Clinical development in oncology has historically focused on the identification of cancer-dependent targets and over the last 20 years, multiple treatment modalities have been developed to target a broad range of molecular signatures in cancer. Elucidation of the genetic landscape of tissue-specific cancers facilitated the introduction of mutation-specific targeted therapies. This allowed the realistic aspiration for targeted therapies which were tailored to the specific genetic aberrations found in an individual’s tumour. This year at ASCO 2020 revealed a shift away from this paradigm, specifically for targeting rare cancers, moving from tissue-specific to tissue-agnostic drug development.
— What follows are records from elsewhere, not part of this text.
(* (K, [.,.]) is a Krein space with fundamental decomposition K = Kp (+) Km
   and fundamental symmetry J, such that [.,.]_J = [., J .] makes K a
   Hilbert space. *)
Definition krein_space (ip : V -> V -> C) (Kp Km : V -> Prop) (J : V -> V)
  : Prop :=
  sesq_hermitian ip /\
  [/\ subspace Kp /\ subspace Km,
      (forall x, Kp x -> Km x -> x = 0) /\
      (forall k, exists p m, [/\ Kp p, Km m & k = p + m]),
      (forall p m, Kp p -> Km m -> ip p m = 0) /\
      ((forall p, Kp p -> p != 0 -> 0 < ip p p) /\
      (forall m, Km m -> m != 0 -> ip m m < 0)),
      (forall p m, Kp p -> Km m -> J (p + m) = p - m) &
      (forall u, cauchyJ ip J u -> exists l, cvgJ ip J u l)].

Definition krein_frame ip J (kn : nat -> V) : Prop :=
  exists A B : R, 0 < A /\ A <= B /\ forall k : V,
    ((A * normJ ip J k ^+ 2)%:E <=
       \sum_(0 <= n <oo) ((Normc.normc (ip (kn n) k)) ^+ 2)%:E)%E /\
    (\sum_(0 <= n <oo) ((Normc.normc (ip (kn n) k)) ^+ 2)%:E <=
       (B * normJ ip J k ^+ 2)%:E)%E.

Definition frame_operator ip J (kn : nat -> V) (S : V -> V) : Prop :=
  forall k, cvgJ ip J (fun N => \sum_(0 <= n < N) ip (kn n) k *: kn n) (S k).

Definition uncond_cvgJ ip J (u : nat -> V) (l : V) : Prop :=
  forall sigma : nat -> nat, bijective sigma ->
    cvgJ ip J (fun N => \sum_(0 <= n < N) u (sigma n)) l.

End Krein.

From HB Require Import structures.
From mathcomp Require Import all_boot all_order all_algebra.
From mathcomp Require Import complex.
From mathcomp Require Import all_classical all_reals all_analysis.
From mathcomp Require Import ring lra.
Import Order.TTheory GRing.Theory Num.Theory.
Local Open Scope ring_scope.
Local Open Scope complex_scope.
Set Implicit Arguments. Unset Strict Implicit.
(* Assume $\mathcal T$ is contravariantly finite in $\mathcal A$ and let $f\in\mathcal A(X,Y)$. The following are equivalent: (1) $\overline f$ is a strong monomorphism in the left triangulated category $\underline{\mathcal A}$; (2) for every (equivalently, for some) $\mathcal T$-precover $p_Y:T_Y\to Y$, the projection $g:T\to X$ from the pullback $T$ of $f$ and $p_Y$ is a $\mathcal T$-precover of $X$; (3) for every (equivalently, for some) $\mathcal T$-precover $p_Y:T_Y\to Y$, the pullback object $T$ of $f$ and $p_Y$ belongs to $\mathcal T$.
   Context: $\mathcal A$ is an abelian category and $\mathcal T$ is a full additive subcategory of $\mathcal A$ closed under finite direct sums and direct summands. The stable category $\underline{\mathcal A}=\mathcal A/\langle\mathcal T\rangle$ has the same objects as $\mathcal A$ and morphisms modulo those factoring through an object of $\mathcal T$; $\overline f$ is the class of $f$. When $\mathcal T$ is contravariantly finite, $\underline{\mathcal A}$ carries the left triangulated structure: $\Omega Y=\ker(p_Y)$ for a $\mathcal T$-precover $p_Y:T_Y\to Y$; for $f:X\to Y$ one forms the pullback $Z$ of $f$ and $p_Y$ with projection $g:Z\to X$ and induced morphism $\Omega Y\to Z$; left triangles are the diagrams in $\underline{\mathcal A}$ isomorphic to $\Omega Y\to Z\xrightarrow{\overline g}X\xrightarrow{\overline f}Y$. A morphism $\overline f:X\to Y$ is a strong monomorphism if there is a left triangle $\Omega Y\to 0\to X\xrightarrow{\overline f}Y$. *)

Set Implicit Arguments.

Record PreCat := {
  Obj : Type;
  Hom : Obj -> Obj -> Type;
  idm : forall A, Hom A A;
  comp : forall A B D, Hom B D -> Hom A B -> Hom A D;
  zerom : forall A B, Hom A B;
  addm : forall A B, Hom A B -> Hom A B -> Hom A B;
  oppm : forall A B, Hom A B -> Hom A B }.

Arguments Hom {_} _ _.
Arguments idm {_} _.
Arguments comp {_ A B D} _ _.
Arguments zerom {_ A B}.
Arguments addm {_ A B} _ _.
Arguments oppm {_ A B} _.

Notation "g ∘ f" := (comp g f) (at level 40, left associativity).

Section Defs.
Variable C : PreCat.
Implicit Types (A B D E K P Q Z W X Y O TY TD : Obj C).

Definition is_preadditive : Prop :=
  (forall A B D E : Obj C, forall (h : Hom D E) (g : Hom B D) (f : Hom A B), h ∘ (g ∘ f) = (h ∘ g) ∘ f) /\
  (forall A B : Obj C, forall (f : Hom A B), idm B ∘ f = f) /\
  (forall A B : Obj C, forall (f : Hom A B), f ∘ idm A = f) /\
  (forall A B : Obj C, forall (f g h : Hom A B), addm f (addm g h) = addm (addm f g) h) /\
  (forall A B : Obj C, forall (f g : Hom A B), addm f g = addm g f) /\
  (forall A B : Obj C, forall (f : Hom A B), addm f zerom = f) /\
  (forall A B : Obj C, forall (f : Hom A B), addm f (oppm f) = zerom) /\
  (forall A B D : Obj C, forall (h : Hom B D) (f g : Hom A B), h ∘ (addm f g) = addm (h ∘ f) (h ∘ g)) /\
  (forall A B D : Obj C, forall (f g : Hom B D) (h : Hom A B), (addm f g) ∘ h = addm (f ∘ h) (g ∘ h)).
This shift is clearly demonstrated by the approval of Roche’s Rozlytrek (entrectinib), Bayer’s Vitrakvi (larotrectinib), Lilly’s Retevmo (selpercatinib) and the late-stage clinical development of Blueprint Medicine’s pralsetinib. These agents target NTRK gene fusions (Rolzytrek and Vitrakvi) or RET alterations (Retevmo and pralsetinib). The commercialisation of these agents differs from conventional tissue-specific drug development as these agents are approved in multiple tumour types. Specifically, Rozlytek and Vitrakvi are approved for all solid tumours harbouring an NTRK gene fusion and the pivotal trials included multiple tumour types; including breast, cholangiocarcinoma, colorectal, gynaecological, neuroendocrine, non-small cell lung cancer, amongst many others. Although the NTRK fusion is rare in individual cancer, 1500-5000 are detected in the US per year across multiple tumour types. As NTRK gene fusion testing increases globally, a greater commercial opportunity for pharmaceutical manufacturers arises as target patient population increases. GlobalData, therefore, expects this strategy of targeting niche genetic aberrations with a broad label across multiple solid cancers to be effective as the utility of next-generation sequencing and broad molecular profiles increases in diagnostic labs. RET fusions are oncogenic drivers in multiple tumour types, most commonly found in thyroid cancers and less commonly found in breast, lung, ovarian and pancreatic cancers. Standard therapies provide limited benefits for patients with RET fusion-positive tumours. Alike, agents targeting NTRK gene fusions, the development of highly specific RET inhibitors represents a shift away from developers concentrating on organ/histology specific indications to biomarker-guided tumour-agnostic approaches. Lilly’s Retevmo was FDA approved in May and an NDA has been recently submitted for Blueprint’s pralsetinib.
This paradigm shift in drug development gives rise to new considerations for pharmaceutical developers. In terms of patient population, estimation of patient population depends on the prevalence of a specific molecular aberration across multiple tumour types and the understanding of tissue-specific differences to targeted treatments. There may also be opportunities for re-purposing existing drugs through label expansions to other cancer types harbouring specific mutations, which might lead to a greater impetus to deeply understand the genetic landscape of various malignancies. This represents a positive development for patients and physicians, allowing another evolution in the development of personalised medicine and greater availability of therapeutic options for patients with rare forms of disease.